THE PROBLEM:
Please restate the material below word for word, from the first line through the one that contains "have aw := borel_measurable_comp", inclusive.

..........

Lemma lift_set_borel : countably_separated F -> countably_separated R ->
  borel_order leF -> borel_order leR -> borel_measurable a -> borel_measurable b ->
  borel (lift_set : set (pm_top Y)).
Proof.
move=> sepF sepR leFb leRb am bm.
have aw := borel_measurable_comp (borel_measurable_continuous cont_w) am.
have bw := borel_measurable_comp (borel_measurable_continuous cont_w) bm.
have -> : lift_set = [set y : pm_top Y | a (pO y.1) = pF y.2.1.2] `&`
    ([set y | leF (pF y.2.1.1) (pF y.2.1.2)] `&`
    ([set y | b (pO y.1) = pR y.2.2.2] `&` [set y | leR (pR y.2.2.2) (pR y.2.2.1)])).
  by apply/seteqP; split => [y [? ? ? ?]|y [? [? [? ?]]]].
apply: borelI; first exact: borel_eq sepF aw (borel_measurable_continuous cont_u').
apply: borelI; first exact: borel_order_preimage leFb cont_u cont_u'.
apply: borelI; first exact: borel_eq sepR bw (borel_measurable_continuous cont_v').
exact: borel_order_preimage leRb cont_v' cont_v.
Qed.

Hypotheses (pO_surj : forall w, exists x, pO x = w)
  (pF_surj : forall y, exists u, pF u = y) (pR_surj : forall y, exists v, pR v = y).

Lemma lift_map_image :
  lift_map @` lift_set = [set z | leF z.1.2 (a z.1.1) /\ leR (b z.1.1) z.2].
Proof.
apply/seteqP; split => [_ [y [ay uu' bv v'v] <-]|[[w y1] y2] /=].
  by rewrite /= ay bv.
have [x <-] := pO_surj w; have [u <-] := pF_surj y1; have [v <-] := pR_surj y2.
have [u' u'a] := pF_surj (a (pO x)); have [v' v'b] := pR_surj (b (pO x)).
by move=> [uA Bv]; exists (x, ((u, u'), (v, v'))) => //; rewrite /lift_set /= u'a v'b.
Qed.

End Lift.

Lemma feasible_const_DP_analytic (Omega F R : topologicalType)
    (leF : F -> F -> Prop) (leR : R -> R -> Prop) (alpha : Omega -> F * R) :
  polish Omega -> souslin F -> souslin R -> borel_order leF -> borel_order leR ->
  rv_FR alpha -> analytic (feasible (const_DP leF leR \o alpha)).
Proof.
move=> Om_polish F_souslin R_souslin leFb leRb [am bm].
set S := feasible _; have [[[[w y1] y2] _]|S0] := pselect (S !=set0); last first.
  by left; apply/seteqP; split => // z Sz; apply: S0; exists z.
have [PO [pO [pO_cont pO_surj]]] := polish_image_polish w Om_polish.
have [PF [pF [pF_cont pF_surj]]] := polish_image_souslin y1 F_souslin.
have [PR [pR [pR_cont pR_surj]]] := polish_image_souslin y2 R_souslin.
have sepF := polish_image_countably_separated F_souslin.1
  (polish_image_souslin y1 F_souslin).
have sepR := polish_image_countably_separated R_souslin.1
  (polish_image_souslin y2 R_souslin).
have Z_borel := lift_set_borel leF leR _ _ pO_cont pF_cont pR_cont sepF sepR leFb leRb am bm.
have := analytic_image (borel_danalytic Z_borel) (lift_map_continuous pO_cont pF_cont pR_cont).
by rewrite (lift_map_image _ _ _ _ pO_surj pF_surj pR_surj).
Qed.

..........

WRITTEN SOLUTION:
Lemma lift_set_borel : countably_separated F -> countably_separated R ->
  borel_order leF -> borel_order leR -> borel_measurable a -> borel_measurable b ->
  borel (lift_set : set (pm_top Y)).
Proof.
move=> sepF sepR leFb leRb am bm.
have aw := borel_measurable_comp (borel_measurable_continuous cont_w) am.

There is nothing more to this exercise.